Emmanuel Macron, who is trying to make sure he gets a place in the presidential runoff in April, can't afford to let the migration crisis run away from him. Boris Johnson has a lot at stake. Nigel Farage, his mysterious donors who are ready to pay their cheques, is once again stirring and threatening the right flank of the Conservative party. Johnson s backbenchers are struggling to square how Brexit regained control of the UK s border when 25,700 migrants arrived in the UK in a slow but steady stream of inflatable boats.

According to French sources, the British prime minister is positively neuralgic about the Channel, which is repeatedly returning to the subject of migrants and refugees in his private conversations with Macron. French diplomats say that Johnson is 80% driven by short-term domestic politics.

The home secretary, Priti Patel, is accused of being in trouble because he is accused of chasing headlines rather than a real-world solution. She promised in 2020 to solve the migrant crisis by the end of the year, but has self-evidently failed.

The easiest route for both sides is to point an accusatory finger across the Channel or to adopt the role of affronted victim.

Many military and diplomatic officials are in fact eager to keep the relationship functioning, and are trying desperately behind the scenes to do so. They are still looking for opportunities to cooperate on defence, including areas such as Mali, knowing defence has been the solid glue in the Franco-British relationship. But the glue is not sticking together with the rhetoric of David Frost, the Brexit minister, or Cl ment Beaune, Macron's election attack dog.

The French, faced by accusations that they have been dilatory about the Channel migrants, point out it takes only a moment to look at the toll of migrant deaths in the Mediterranean over the past six years to know if solutions the size of a tabloid headline could quell the urge to migrate, then it would have been found.

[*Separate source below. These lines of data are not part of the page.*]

(* For all complex $y$, $$\sum_{n=0}^{\infty}\frac{C_n}{2^n}R_n(y)=e^{y}\left(1-I_0(y)+\sum_{n=0}^{\infty}\frac{y^{2n+1}}{4^n(n!)^2(2n+1)}\right)=e^{y}\left(1+(y-1)I_0(y)+\frac{\pi y}{2}\big[I_0(y)\mathbf{L}_1(y)-I_1(y)\mathbf{L}_0(y)\big]\right).$$
   Context: For an integer $n\ge 0$ and complex $y$, $R_n(y)=e^y-1-\frac{y}{1!}-\frac{y^2}{2!}-\dots-\frac{y^n}{n!}=e^y-\sum_{k=0}^n\frac{y^k}{k!}$. $C_n=\frac{1}{n+1}\binom{2n}{n}$ are the Catalan numbers. $I_0(z)=\sum_{n\ge0}\frac{z^{2n}}{4^n(n!)^2}$ and $I_1=I_0'$ are the modified Bessel functions of the first kind; $\mathbf{L}_0,\mathbf{L}_1$ are the modified Struve functions of orders $0$ and $1$. *)

From Stdlib Require Import Reals Factorial.
From Coquelicot Require Import Coquelicot.

Open Scope C_scope.

(* Sum of a complex series (meaningful when it converges): componentwise sums. *)
Definition CSeries (a : nat -> C) : C :=
  (Series (fun n => fst (a n)), Series (fun n => snd (a n))).

Definition Cexp (y : C) : C := CSeries (fun k => y ^ k / RtoC (INR (fact k))).

Definition Rrem (n : nat) (y : C) : C :=
  Cexp y - sum_n (fun k => y ^ k / RtoC (INR (fact k))) n.

Definition Catalan (n : nat) : R := (Binomial.C (2 * n) n / INR (n + 1))%R.

Definition BesselI0 (z : C) : C :=
  CSeries (fun n => z ^ (2 * n) / RtoC (4 ^ n * (INR (fact n)) ^ 2)%R).

Definition BesselI1 (z : C) : C :=
  CSeries (fun n => (z / RtoC 2) ^ (2 * n + 1) / RtoC (INR (fact n) * INR (fact (n + 1)))%R).

(* Gamma at half-integers: Gamma(m + 1/2) = (2m)! sqrt(pi) / (4^m m!) *)
Definition Gamma_half (m : nat) : R :=
  (INR (fact (2 * m)) * sqrt PI / (4 ^ m * INR (fact m)))%R.

Definition StruveL0 (z : C) : C :=
  CSeries (fun k => (z / RtoC 2) ^ (2 * k + 1) / RtoC (Gamma_half (k + 1) ^ 2)%R).
Definition StruveL1 (z : C) : C :=
  CSeries (fun k => (z / RtoC 2) ^ (2 * k + 2) /
                    RtoC (Gamma_half (k + 1) * Gamma_half (k + 2))%R).

From Stdlib Require Import Reals Factorial Lra Lia FunctionalExtensionality.
From Coquelicot Require Import Coquelicot.
Open Scope R_scope.
Set Bullet Behavior "Strict Subproofs".

(** Write [W_k = sum_(j<k) C_j / 2^j]. Abel summation turns the partial sums of the series into
    [W_(N+1) R_N(y) + sum_(k<=N) W_k y^k / k!]; as [W_k <= 2^k] and [R_N(y)] is the tail of the
    exponential series, the first term tends to 0, so the series sums to [H(y) = sum W_k y^k / k!].

    The rest are identities between entire functions, proved on coefficient sequences: evaluation
    at [y] is linear and multiplicative, and each differential equation used below determines a
    power series from its constant term, the coefficients being computed one by one.
    [H' = H + w] with [w(y) = sum C_k (y/2)^k / k!], and [w = e^y (I0 - I1)] since both solve
    [y f'' + (2 - 2y) f' - f = 0] with [f(0) = 1]; as [(1 - I0 + J)' = I0 - I1], this gives
    [H = e^y (1 - I0 + J)]. For the Struve form, [I0' = I1], [(y I1)' = y I0],
    [L0' = 2/pi + L1] and [(y L1)' = y L0] show that [y I0 + (pi/2) y (I0 L1 - I1 L0)] has
    derivative [I0] and vanishes at 0, exactly like [J]. *)

(** * Complex series and real power series at a complex point *)

Lemma fst_sum_n (a : nat -> C) n : fst (sum_n a n) = sum_n (fun k => fst (a k)) n.
Proof.
  induction n as [|n IH]; [now rewrite !sum_O|].
  rewrite !sum_Sn; simpl; now rewrite <- IH.
Qed.

Lemma snd_sum_n (a : nat -> C) n : snd (sum_n a n) = sum_n (fun k => snd (a k)) n.
Proof.
  induction n as [|n IH]; [now rewrite !sum_O|].
  rewrite !sum_Sn; simpl; now rewrite <- IH.
Qed.

Lemma is_lim_seq_C (u : nat -> C) (l1 l2 : R) :
  is_lim_seq (fun n => fst (u n)) l1 -> is_lim_seq (fun n => snd (u n)) l2 ->
  filterlim u eventually (locally (l1, l2)).
Proof.
  intros H1 H2 P [eps HP].
  assert (E1 : eventually (fun n => ball l1 eps (fst (u n))))
    by exact (H1 _ (locally_ball l1 eps)).
  assert (E2 : eventually (fun n => ball l2 eps (snd (u n))))
    by exact (H2 _ (locally_ball l2 eps)).
  unfold filtermap; generalize (filter_and _ _ E1 E2); apply filter_imp.
  intros n [Hfst Hsnd].
  now apply HP.
Qed.

Lemma CSeries_ext (a b : nat -> C) : (forall n, a n = b n) -> CSeries a = CSeries b.
Proof. intros H; unfold CSeries; f_equal; apply Series_ext; intros n; now rewrite H. Qed.

Lemma CSeries_incr_1 (a : nat -> C) : a 0%nat = RtoC 0 -> CSeries a = CSeries (fun k => a (S k)).
Proof. intros H; unfold CSeries; f_equal; apply Series_incr_1_aux; now rewrite H. Qed.

Definition CPS_term (c : nat -> R) (y : C) (k : nat) : C := (RtoC (c k) * y ^ k)%C.
Definition CPSeries (c : nat -> R) (y : C) : C := CSeries (CPS_term c y).

Definition entire (c : nat -> R) : Prop :=
  forall r, 0 <= r -> ex_series (fun k => Rabs (c k) * r ^ k).

Lemma fst_CPS_term c y k : fst (CPS_term c y k) = c k * fst (y ^ k)%C.
Proof. unfold CPS_term; simpl; ring. Qed.

Lemma snd_CPS_term c y k : snd (CPS_term c y k) = c k * snd (y ^ k)%C.
Proof. unfold CPS_term; simpl; ring. Qed.

Lemma Rabs_fst_CPS_term_le c y k : Rabs (fst (CPS_term c y k)) <= Rabs (c k) * Cmod y ^ k.
Proof.
  rewrite fst_CPS_term, Rabs_mult, <- Cmod_pow.
  apply Rmult_le_compat_l; [apply Rabs_pos | apply re_le_Cmod].
Qed.

Lemma Rabs_snd_CPS_term_le c y k : Rabs (snd (CPS_term c y k)) <= Rabs (c k) * Cmod y ^ k.
Proof.
  rewrite snd_CPS_term, Rabs_mult, <- Cmod_pow.
  apply Rmult_le_compat_l; [apply Rabs_pos|].
  eapply Rle_trans; [apply Rmax_r | apply Rmax_Cmod].
Qed.

Lemma ex_series_Rabs_dominated (u c : nat -> R) r :
  entire c -> 0 <= r -> (forall k, Rabs (u k) <= Rabs (c k) * r ^ k) ->
  ex_series (fun k => Rabs (u k)).
Proof.
  intros Hc Hr Hu.
  apply (@ex_series_le R_AbsRing R_CompleteNormedModule _ (fun k => Rabs (c k) * r ^ k));
    [|exact (Hc r Hr)].
  intros k; change norm with Rabs; simpl; now rewrite Rabs_Rabsolu.
Qed.
(* Let $\mu$ be a boundedly supported Borel probability measure on $\mathbb{R}$ and let $q_0>1$ be such that $\alpha_0=\tau_\mu'(q_0)$ exists. For every $\kappa>0$ there is $\varepsilon=\varepsilon(\kappa,q_0)>0$ such that for all sufficiently large $m$: if $\mathcal{D}'\subset\mathcal{D}_m$ has at most $2^{(\tau_\mu^*(\alpha_0)-\kappa)m}$ elements, then \[ \sum_{J\in\mathcal{D}'}\mu(J)^{q_0}\le 2^{-(\tau_\mu(q_0)+\varepsilon)m}. \]
   Context: Logs base 2. $\mathcal{D}_m=\{[j2^{-m},(j+1)2^{-m}):j\in\mathbb{Z}\}$. For $q>0$, $\tau_\mu(q)=\liminf_{m\to\infty}-\frac1m\log\sum_{J\in\mathcal{D}_m,\mu(J)>0}\mu(J)^q$, and $\tau_\mu^*(\alpha)=\inf_{q>0}(\alpha q-\tau_\mu(q))$. *)

From Stdlib Require Import Reals Lra Lia ZArith List ClassicalEpsilon.
Open Scope R_scope.

Inductive borel : (R -> Prop) -> Prop :=
| borel_interval (a b : R) : borel (fun x => a < x < b)
| borel_compl (A : R -> Prop) : borel A -> borel (fun x => ~ A x)
| borel_union (A : nat -> R -> Prop) :
    (forall n, borel (A n)) -> borel (fun x => exists n, A n x).

(** A Borel probability measure on R (values off Borel sets are irrelevant). *)
Definition is_borel_prob_measure (mu : (R -> Prop) -> R) : Prop :=
  (forall A B : R -> Prop, (forall x, A x <-> B x) -> mu A = mu B) /\
  (forall A, borel A -> 0 <= mu A) /\
  mu (fun _ => True) = 1 /\
  (forall A : nat -> R -> Prop,
     (forall n, borel (A n)) ->
     (forall i j x, i <> j -> A i x -> A j x -> False) ->
     infinite_sum (fun n => mu (A n)) (mu (fun x => exists n, A n x))).

Definition bounded_support (mu : (R -> Prop) -> R) : Prop :=
  exists M : R, mu (fun x => M < Rabs x) = 0.

Definition log2 (x : R) : R := ln x / ln 2.

Definition rpow (x q : R) : R :=
  if Rlt_dec 0 x then Rpower x q else 0.

Definition dyadic (m : nat) (j : Z) : R -> Prop :=
  fun x => IZR j / 2 ^ m <= x < (IZR j + 1) / 2 ^ m.

Definition term (mu : (R -> Prop) -> R) (q : R) (m : nat) (j : Z) : R :=
  if Rlt_dec 0 (mu (dyadic m j)) then Rpower (mu (dyadic m j)) q else 0.

Definition partial_S (mu : (R -> Prop) -> R) (q : R) (m K : nat) : R :=
  sum_f_R0 (fun n => term mu q m (Z.of_nat n - Z.of_nat K)%Z) (2 * K).

(** S_m(q) = sum over J in D_m with mu(J) > 0 of mu(J)^q. *)
Definition S_sum (mu : (R -> Prop) -> R) (q : R) (m : nat) : R :=
  epsilon (inhabits 0) (fun l => Un_cv (partial_S mu q m) l).

Definition is_liminf (a : nat -> R) (t : R) : Prop :=
  (forall e, 0 < e -> exists N, forall n, (N <= n)%nat -> t - e < a n) /\
  (forall e, 0 < e -> forall N, exists n, (N <= n)%nat /\ a n < t + e).

Definition Rliminf (a : nat -> R) : R := epsilon (inhabits 0) (is_liminf a).

Definition is_inf (E : R -> Prop) (t : R) : Prop :=
  (forall x, E x -> t <= x) /\ (forall u, (forall x, E x -> u <= x) -> u <= t).

Definition Rinf (E : R -> Prop) : R := epsilon (inhabits 0) (is_inf E).

Definition tau (mu : (R -> Prop) -> R) (q : R) : R :=
  Rliminf (fun m => - (/ INR m) * log2 (S_sum mu q m)).

Definition tau_star (mu : (R -> Prop) -> R) (alpha : R) : R :=
  Rinf (fun y => exists q, 0 < q /\ y = alpha * q - tau mu q).

Definition sum_list (l : list R) : R := fold_right Rplus 0 l.

(* The L^q spectrum tau is the liminf of q |-> -(1/m) log2 S_m(q), and each of these
   functions is concave by Hoelder's inequality, so tau is concave.  Being
   differentiable at q0, tau lies below its tangent there, which gives
   tau*(alpha0) <= alpha0 q0 - tau(q0).  For q = q0 + d, Hoelder's inequality over
   the at most 2^((tau*(alpha0) - kappa) m) intervals of D' gives
     sum_{D'} mu(J)^q0 <= S_m(q)^(q0/q) * #D'^(1 - q0/q),
   and S_m(q) <= 2^(-(tau(q) - eta) m) for large m.  Since
   tau(q) >= tau(q0) + d (alpha0 - theta) for small d, the exponent is at most
   -(tau(q0) + eps) m with eps = kappa d / (2 q) once theta and eta are small
   multiples of kappa. *)

From Stdlib Require Import Reals ZArith List Lia Lra.
From Stdlib Require Import ClassicalEpsilon FunctionalExtensionality PropExtensionality.
From Coquelicot Require Lim_seq.
Open Scope R_scope.

Lemma borel_ext A B : (forall x, A x <-> B x) -> borel A -> borel B.
Proof.
  intros HAB.
  replace B with A; [easy|].
  apply functional_extensionality; intros x; apply propositional_extensionality; auto.
Qed.

Lemma borel_empty : borel (fun _ => False).
Proof. apply borel_ext with (fun x => 0 < x < 0); [intros x; lra | constructor]. Qed.

Lemma borel_or A B : borel A -> borel B -> borel (fun x => A x \/ B x).
Proof.
  intros HA HB.
  apply borel_ext with (fun x => exists n : nat, (if Nat.eqb n 0 then A else B) x).
  - intros x; split.
    + intros [[|n] H]; auto.
    + intros [H|H]; [exists 0%nat | exists 1%nat]; auto.
  - constructor; intros [|n]; auto.
Qed.

Lemma borel_and A B : borel A -> borel B -> borel (fun x => A x /\ B x).
Proof.
  intros HA HB.
  apply borel_ext with (fun x => ~ (~ A x \/ ~ B x)); [intros x; tauto|].
  constructor; apply borel_or; constructor; auto.
Qed.

Lemma borel_finite_union (A : nat -> R -> Prop) N :
  (forall n, borel (A n)) -> borel (fun x => exists n, (n <= N)%nat /\ A n x).
Proof.
  intros HA.
  apply borel_ext with (fun x => exists n, (if Nat.leb n N then A n else fun _ => False) x).
  - intros x; split; intros [n Hn]; exists n; destruct (Nat.leb_spec n N); intuition lia.
  - constructor; intros n; destruct (Nat.leb n N); auto using borel_empty.
Qed.

Lemma borel_lt b : borel (fun x => x < b).
Proof.
  apply borel_ext with (fun x => exists n : nat, b - INR n - 1 < x < b).
  - intros x; split; [intros [n Hn]; lra|].
    intros Hx; destruct (INR_unbounded (b - x)) as [n Hn]; exists n; lra.
  - constructor; intros; constructor.
Qed.

Lemma borel_gt a : borel (fun x => a < x).
Proof.
  apply borel_ext with (fun x => exists n : nat, a < x < a + INR n + 1).
  - intros x; split; [intros [n Hn]; lra|].
    intros Hx; destruct (INR_unbounded (x - a)) as [n Hn]; exists n; lra.
  - constructor; intros; constructor.
Qed.

Lemma borel_dyadic m j : borel (dyadic m j).
Proof.
  apply borel_ext with (fun x => ~ x < IZR j / 2 ^ m /\ x < (IZR j + 1) / 2 ^ m).
  - intros x; unfold dyadic; lra.
  - apply borel_and; [constructor|]; apply borel_lt.
Qed.

Lemma borel_Rabs_gt M : borel (fun x => M < Rabs x).
Proof.
  apply borel_ext with (fun x => M < x \/ x < - M).
  - intros x; unfold Rabs; destruct (Rcase_abs x); lra.
  - apply borel_or; [apply borel_gt | apply borel_lt].
Qed.

Lemma infinite_sum_eventually_0 (f : nat -> R) N :
  (forall n, (N < n)%nat -> f n = 0) -> infinite_sum f (sum_f_R0 f N).
Proof.
  intros Hf e He; exists N; intros n Hn.
  replace (sum_f_R0 f n) with (sum_f_R0 f N); [unfold Rdist; rewrite Rminus_diag, Rabs_R0; lra|].
  induction Hn as [|n Hn IH]; [easy|]; simpl; rewrite Hf, <- IH by lia; ring.
Qed.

More than 20,000 people are estimated to have died in the Mediterranean this year, more than 1,300 of them are estimated to have died in the last year.

Britain is saying that France is not supposed to be a failed state like Libya, and should do more to close down the people smugglers. London has threatened to cut financial support for France's border policing if Paris doesn't stop the flow of migrants. The French complain that the UK, bereft of identity cards, oversees a labour market where migrants can blend invisibly into the UK.

Faced by the labour market, French opposition politicians but not yet the government itself are questioning the Le Touquet agreement, a bilateral treaty that allows British border force officers to carry passport checks in France, and vice versa. Since the UK is subject to the EU Dublin convention, which obliges asylum seekers to apply to the first country in Europe where they have stayed, it is claimed by the French National Consultative Commission on Human Rights that it will make France the police arm of British migration policy before Brexit. That obligation will die with the passing of the EU.

France also grates at moral lectures from Britain; over the past year, 83,000 asylum applications were lodged in France, compared to only 31,000 in the UK. In 2020, the UK had 5.78 asylum seekers and refugees per 10,000 inhabitants, compared with 16.93 for France, 19.52 for Germany and 60.57 for Greece.

To unilaterally tear up the Le Touquet agreement in effect, waving migrants through to the UK would be to drop a bomb into the relationship.

Macron is aware that he needs to have the rest of Europe on his side. Jean-Yves Le Drian, the French foreign secretary, recently complained that the remarkable aspect of Britain's map was that it erased Europe. There are limits to the European preparedness to fall behind the French tendency to equate the European national interest with the national interest of France.

Germany is working on preparing a bilateral agreement with the UK. Liz Truss, the foreign secretary, will visit Spain soon, an astute choice for her first visit to an EU state.

Both sides manoeuvres don't dare go beyond the brink.